Capacity Planning
Capacity planning for Falcon LogScale relies on understanding the different systems within LogScale and how they work together to support the overall functionality.
The aim of this guide is to provide an overview of the different areas of the system which impact and affect capacity planning, and guidance on how to measure and change the corresponding capacity value. Answering specific questions will be dependent on multiple factors.
Typically when considering capacity planning there are five main dimensions to consider:
Ingest performance — how quickly LogScale can accept and parse incoming data. This is explained in more detail in Ingestion Capacity.

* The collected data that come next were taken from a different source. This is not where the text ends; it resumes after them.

Lemma dotpBl a b c : dotp (vsub a b) c = dotp a c - dotp b c.
Proof. by rewrite /dotp -sumrB; apply: eq_bigr => i _; rewrite tnth_mktuple mulrBl. Qed.

Lemma dotpBr a b c : dotp c (vsub a b) = dotp c a - dotp c b.
Proof. by rewrite dotpC dotpBl !(dotpC c). Qed.

Lemma dotpZl t a c : dotp (vscale t a) c = t * dotp a c.
Proof. by rewrite /dotp mulr_sumr; apply: eq_bigr => i _; rewrite tnth_mktuple mulrA. Qed.

Lemma dotpZr t a c : dotp c (vscale t a) = t * dotp c a.
Proof. by rewrite dotpC dotpZl dotpC. Qed.

Definition dotpE := (dotpBl, dotpBr, dotpZl, dotpZr).

Lemma dotpp_ge0 a : 0 <= dotp a a.
Proof. by apply: sumr_ge0 => i _; rewrite -expr2 sqr_ge0. Qed.

Lemma dotpp_eq0 a b : dotp a a = 0 -> dotp a b = 0.
Proof.
move=> /eqP; rewrite psumr_eq0 => [/allP a0|i _]; last by rewrite -expr2 sqr_ge0.
rewrite /dotp big1 // => i _.
by have := a0 i (mem_index_enum _); rewrite -expr2 sqrf_eq0 => /eqP ->; rewrite mul0r.
Qed.

Lemma sqr_dotp_le a b : dotp a b ^+ 2 <= dotp a a * dotp b b.
Proof.
set A := dotp a a; set B := dotp b b; set C := dotp a b.
have [B0|B0] := eqVneq B 0; first by rewrite B0 /C dotpC dotpp_eq0 // expr0n mulr0.
have Bgt0 : 0 < B by rewrite lt_def B0 dotpp_ge0.
have := dotpp_ge0 (vsub (vscale B a) (vscale C b)).
have -> : dotp (vsub (vscale B a) (vscale C b)) (vsub (vscale B a) (vscale C b))
    = B * (A * B - C ^+ 2) by rewrite !dotpE (dotpC b a) -/A -/B -/C; ring.
by rewrite pmulr_rge0 // subr_ge0.
Qed.

Lemma sqr_normr_dotp_le a b : `|dotp a b| ^+ 2 <= dotp a a * dotp b b.
Proof. by rewrite real_normK ?num_real // sqr_dotp_le. Qed.

(* Project [a] and [c] onto the orthogonal complement of [b] and apply Cauchy-Schwarz. *)
Lemma sqr_dotp_sub_le a b c : sphere a -> sphere b -> sphere c ->
  (dotp a c - dotp a b * dotp b c) ^+ 2 <= (1 - dotp a b ^+ 2) * (1 - dotp b c ^+ 2).
Proof.
rewrite /sphere /= => a1 b1 c1.
pose a' := vsub a (vscale (dotp a b) b); pose c' := vsub c (vscale (dotp b c) b).
have -> : dotp a c - dotp a b * dotp b c = dotp a' c'.
  by rewrite !dotpE b1; ring.
have -> : 1 - dotp a b ^+ 2 = dotp a' a' by rewrite !dotpE a1 b1 (dotpC b a); ring.
have -> : 1 - dotp b c ^+ 2 = dotp c' c' by rewrite !dotpE c1 b1 (dotpC c b); ring.
exact: sqr_dotp_le.
Qed.

Lemma line_angle_triangle a b c (al be : R) :
  sphere a -> sphere b -> sphere c ->
  0 <= al -> 0 <= be -> al + be <= pi / 2 ->
  cos al <= `|dotp a b| -> cos be <= `|dotp b c| ->
  cos (al + be) <= `|dotp a c|.
Proof.
move=> a1 b1 c1 al0 be0 albe hab hbc.
have pi2 : 0 < pi / 2 :> R by rewrite divr_gt0 // pi_gt0.
have cal : 0 <= cos al by apply: cos_ge0_pihalf; lra.
have cbe : 0 <= cos be by apply: cos_ge0_pihalf; lra.
have sal : 0 <= sin al by apply: sin_ge0_pi; lra.
have sbe : 0 <= sin be by apply: sin_ge0_pi; lra.
have sca := cos2Dsin2 al; have scb := cos2Dsin2 be.
set p := dotp a b in hab *; set q := dotp b c in hbc *.
have p2 : cos al ^+ 2 <= p ^+ 2 by rewrite -[p ^+ 2]real_normK ?num_real // ler_sqr ?nnegrE.
have q2 : cos be ^+ 2 <= q ^+ 2 by rewrite -[q ^+ 2]real_normK ?num_real // ler_sqr ?nnegrE.
have p1 : p ^+ 2 <= 1 by have := sqr_dotp_le a b; rewrite a1 b1 mulr1.
have q1 : q ^+ 2 <= 1 by have := sqr_dotp_le b c; rewrite b1 c1 mulr1.
set e := dotp a c - p * q.
have e_le : `|e| <= sin al * sin be.
  rewrite -ler_sqr ?nnegrE ?mulr_ge0 // real_normK ?num_real //.
  apply: le_trans (sqr_dotp_sub_le a1 b1 c1) _.
  by rewrite -/p -/q exprMn; apply: ler_pM; lra.
have pq : cos al * cos be <= `|p * q| by rewrite normrM; apply: ler_pM.
have : `|p * q| - `|e| <= `|dotp a c|.
  have -> : p * q = dotp a c - e by rewrite /e; ring.
  by rewrite lerBlDr ler_normB.
rewrite cosD; lra.
Qed.

End Dotp.

Section Sphere.
Variables (R : realType) (n : nat).
Implicit Types (u v x y q : n.-tuple R).

Lemma e0_sphere : (0 < n)%N -> sphere (e0 R n).
Proof.
case: n => [//|n'] _; rewrite /sphere /= /dotp big_ord_recl !tnth_mktuple mulr1.
by rewrite big1 ?addr0 // => i _; rewrite !tnth_mktuple mulr0.
Qed.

Digest performance — how quickly LogScale can organise the data in preparation for storage. This is explained in more detail in Digest Capacity.
Storage performance — how quickly LogScale can store the data in preparation for querying. This is explained in more detail in Storage Capacity.
Query performance — how fast queries are, either for recent data or old data. This is explained in more detail in Query Capacity.
UI Performance — how responsive the web interface is to users. This is explained in more detail in UI Performance.
The performance of LogScale, and therefore the impact of the capacity planning, will depend on a variety of different factors, including:
Volume and rate of ingested data
Volume and rate of queries
Duration and timespan of queries
Number of physical nodes
Number of CPU cores and RAM in each physical node
Number of nodes in the LogScale cluster
Number of nodes within the Kafka cluster
Whether the LogScale deployment uses dedicated node roles
Use of tags and datasources when ingesting (and therefore searching) data
Use of block storage (such as S3)
Quantity and speed of local storage
Replication settings
Number of repositories being used for storing incoming data
When monitoring and/or changing a value, changes to one area may affect another. For example, increasing the local storage availability may change the behavior of digest and bucket storage, because more data can be stored locally, and may also increase query performance by keeping more data local.
Before proceeding with any changes or planning, ensure the architecture of LogScale, the processes, and how the different components of the system work together are understood by reading:
When capacity planning, it's best to plan to achieve the maximum performance in that dimension. For example, aim to address the highest required rate for ingest, query, or digest performance and plan against the maximum value, rather than planning against the medium of average values. This is because using the average rates or values may degrade performance in other parts of the system. By planning against the maximum possible, it allows for some spare capacity during brief periods of higher load.